There were other industries that sprung up over the years, such as sealing, mining, and most recently, drilling for oil from giant offshore rigs. For the most part, fishing was the hard labor that paid the bills. In the latter half of the twentieth century, the cod fishing industry unfortunately collapsed; with stocks a fraction of what they once were, the Canadian government declared a moratorium on cod fishing in 1992, putting tens of thousands of Newfoundlanders out of work with the stroke of a pen. Like I said, it’s never been easy in this hostile region and probably never will be.
Subsequently, the Atlantic that bounds up against Newfoundland’s margins is a restless mistress, as I’m sure Leif and his shipmates would have attested to. It’s been said that a restless sea means waves to be found, so if you’re up for a surf trip that’s off the beaten path, here’s all you need to know: Get your warmest wetsuit and a few sturdy boards, book your passage to St. John’s, walk out of the terminal, get a cab, ask the cabbie to help you find someone who will rent you a used truck with a good set of tires, unfold the map, then… GO.

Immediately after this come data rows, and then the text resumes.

Lemma telescope_upper :
  (forall i, (i < N)%nat -> K * (x i - x (S i)) <= / sqrt (INR N - INR i)) ->
  forall i, (i <= N)%nat -> K * - x i <= 2 * (sqrt (INR N) - sqrt (INR N - INR i)).
Proof.
  intros Hgap. induction i as [|i IH]; intros Hi.
  - rewrite x0. simpl INR. rewrite Rminus_0_r. lra.
  - assert (Hm : 1 <= INR N - INR i) by (apply le_INR in Hi; rewrite S_INR in Hi; lra).
    assert (Hs := sqrt_step_upper _ Hm). assert (Hg := Hgap i Hi).
    specialize (IH ltac:(lia)). rewrite S_INR.
    replace (INR N - (INR i + 1)) with (INR N - INR i - 1) by ring. nra.
Qed.

Lemma telescope_lower :
  (forall i, (i < N)%nat -> / sqrt (INR N - INR i) <= K * (x i - x (S i))) ->
  forall i, (i <= N)%nat -> 2 * (sqrt (INR N + 1) - sqrt (INR N + 1 - INR i)) <= K * - x i.
Proof.
  intros Hgap. induction i as [|i IH]; intros Hi.
  - rewrite x0. simpl INR. rewrite Rminus_0_r. lra.
  - assert (Hm : 0 < INR N - INR i) by (apply lt_INR in Hi; lra).
    assert (Hs := sqrt_step_lower _ Hm). assert (Hg := Hgap i Hi).
    specialize (IH ltac:(lia)). rewrite S_INR.
    replace (INR N + 1 - (INR i + 1)) with (INR N - INR i) by ring.
    replace (INR N + 1 - INR i) with (INR N - INR i + 1) in IH by ring. nra.
Qed.

End Telescoping.

Lemma delta_inv_sqrt_fk x k : 0 < delta x k -> delta x k = / sqrt (fk x k).
Proof. intros h. unfold fk. rewrite sqrt_inv, sqrt_pow2, Rinv_inv; lra. Qed.

Section FixedPoint.
Variables (N : nat) (L F : R) (x : nat -> R).
Hypotheses (F_pos : 0 < F) (fp : is_fixed_point N L F x).
(* For a class $K$ of algebras of type $\tau$, the following are equivalent: (a) the class $\mathbf S\mathbf P(\mathbf D(K))$ is a quasivariety; (b) $\mathbf D(K)$ is quasicompact; (c) $K$ is hyper-quasi-compact.
   Context: For a hypersubstitution $\sigma$ of type $\tau$ (assigning to each $n$-ary operation symbol an $n$-ary term of type $\tau$, extended to all terms), the derived algebra $\mathbf A^\sigma$ has the same universe as $\mathbf A$ and fundamental operations $\sigma(f_\gamma)^{\mathbf A}$; $\mathbf D(K)$ is the class of all derived algebras of members of $K$. $\mathbf S$ and $\mathbf P$ denote closure (up to isomorphism) under subalgebras and direct products. A quasivariety is a class of algebras defined by a set of quasi-identities (Horn implications $\bigwedge_{i<n}(t_i=s_i)\to(t_n=s_n)$ with finitely many premises). A class $L$ is quasicompact if whenever an implication $\bigwedge_{i\in I}(t_i=s_i)\rightarrow (t=s)$ with an arbitrary (possibly infinite) set of atomic premises, in any set of variables, holds in every algebra of $L$, there is a finite $F\subseteq I$ such that $\bigwedge_{i\in F}(t_i=s_i)\rightarrow(t=s)$ holds in every algebra of $L$. A class $K$ is hyper-quasi-compact if the same holds with ''holds'' replaced by ''is hypersatisfied'', where an implication is hypersatisfied in $\mathbf A$ if for every hypersubstitution $\sigma$ the implication $\bigwedge_{i}(\sigma(t_i)=\sigma(s_i))\rightarrow(\sigma(t)=\sigma(s))$ holds in $\mathbf A$. *)

From mathcomp Require Import all_boot.
From Stdlib Require Import List.
Lemma SONC_big (T : eqType) (s : seq T) (Bp Bm : T -> {fset V}) (q : T -> V -> R)
    (f : V -> R) :
  (forall t, t \in s -> circuit_signomial (Bp t) (Bm t) (q t) /\ copositive (q t)) ->
  (forall x, pos_orthant x -> f x = \sum_(t <- s) q t x) -> SONC f.
Proof.
move=> hq fE; pose r := tnth (in_tuple s).
exists (size s), (Bp \o r), (Bm \o r), (q \o r); split.
  by move=> j; apply: hq; exact: mem_tnth.
by move=> x px; rewrite fE // big_tnth.
Qed.

Lemma ext_circuit_simplex (Ap Am : {fset V}) : ext_circuit Ap Am -> Am != fset0 ->
  simplex_with_vertices (Ap `|` Am)%fset Ap.
Proof.
move=> [disj [/andP[/eqP cardU /eqP cardp] | //]] Am0.
have := cardfsUI Ap Am; rewrite cardU cardp disj cardfs0 addn0.
move=> /(congr1 (fun k => (k - 1)%N)); rewrite /= addKn subnn => /esym/eqP.
by rewrite cardfs_eq0 (negbTE Am0).
Qed.

Lemma exists_barycentric (A B : {fset V}) : conv_hull (A `|` B)%fset = conv_hull A ->
  exists lam : V -> V -> R, forall b, b \in B -> barycentric A (lam b) b.
Proof.
move=> conv_eq.
suff /choice [lam hlam] : forall b, exists l, b \in B -> barycentric A l b.
  by exists lam.
move=> b; case: (boolP (b \in B)) => bB; last by exists (fun=> 0).
have [l hl] : conv_hull A b.
  by rewrite -conv_eq; apply: conv_hull_mem; rewrite in_fsetU bB orbT.
by exists l.
Qed.

End Signomials.

Unset Implicit Arguments. Set Strict Implicit. Set Printing Implicit Defensive.
Theorem proposition3p10 (R : realType) (n : nat) (Ap Am : {fset 'rV[R]_n})
  (f : 'rV[R]_n -> R) :
  ext_circuit Ap Am -> Am != fset0 ->
  signomial Ap Am f -> Sing_pos f !=set0 ->
  (exists q : 'rV[R]_n -> 'rV[R]_n -> R,
     (forall b, b \in Am ->
        (exists G : set 'rV[R]_n, face (conv_hull Ap) G /\ relint G b) /\
        forall G : set 'rV[R]_n, face (conv_hull Ap) G -> relint G b ->
          circuit_signomial (fsetIs Ap G) [fset b]%fset (q b)
          /\ copositive (q b)) /\
     forall x, pos_orthant x -> f x = \sum_(b <- Am) q b x)
  /\ SONC f.
Proof.
move=> hAB Am0 [c [c_gt0 fE]] [xs sing]; have [pxs _] := sing.
have [_ [hA /exists_barycentric [lam hlam]]] := ext_circuit_simplex hAB Am0.
have bA b : b \in Am -> b \notin Ap.
  move=> bAm; apply/negP => bAp; move/fsetP/(_ b): hAB.1.
  by rewrite in_fsetI bAp bAm inE.
have [bal0 bal1] := Sing_pos_balance fE sing.
have coef := aff_indep_balance hA (fun b bAm => (hlam b bAm).2) bal0 bal1.
pose q b := circuit_term Ap c xs (lam b) b.
have q_circuit b : b \in Am -> forall G, face (conv_hull Ap) G -> relint G b ->
    circuit_signomial (fsetIs Ap G) [fset b]%fset (q b) /\ copositive (q b).
  move=> bAm G hG hb; have cb : 0 < c b by apply: c_gt0; rewrite in_fsetU bAm orbT.
  exact: circuit_term_copositive_circuit hA (hlam b bAm) hG hb (bA b bAm) pxs cb.
have /choice [Gs hGs] : forall b, exists G, b \in Am -> face (conv_hull Ap) G /\ relint G b.
  move=> b; case: (boolP (b \in Am)) => bAm; last by exists set0.
  by have [G hG] := exists_face_relint hA (hlam b bAm); exists G.
have fq x : pos_orthant x -> f x = \sum_(b <- Am) q b x.
  by move=> px; rewrite fE // (sum_circuit_term _ pxs coef).
split.
  by exists q; split => // b bAm; split; [exists (Gs b); exact: hGs | exact: q_circuit].
apply: (SONC_big (Bp := fun b => fsetIs Ap (Gs b)) (Bm := fun b => [fset b]%fset)) fq.
by move=> b bAm; have [hG hb] := hGs b bAm; exact: q_circuit.
Qed.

Once you’re out on your own, and chances are you will be, set up camp, wait for the waves to come and the wind to die, and then reconnoiter the glories of the shore. Take your pick of heaving slab, rolling point, or rampy beach break. If there are any locals out, show respect and remember that you’re very much from the Great Away. And, as I’m sure they’ll readily confirm, people from the Great Away have been imposing their ideas on the island and its inhabitants for a thousand years. And then, fucking surf. Surf until you’re so cold that your fingers won’t grab the rails anymore. Come in, put your sweater on, pack up the tent, and drive through the outpost towns, wind-warped shacks, and piles of weather-beaten lobster traps. At sunset, park the truck downtown and buy a couple of locals a round of stiff drinks. Then raise those glasses to everyone—from Skraelings to Vikings to shivering fishermen—all those who discovered Newfoundland and the secrets to taming that beautiful devil’s shores.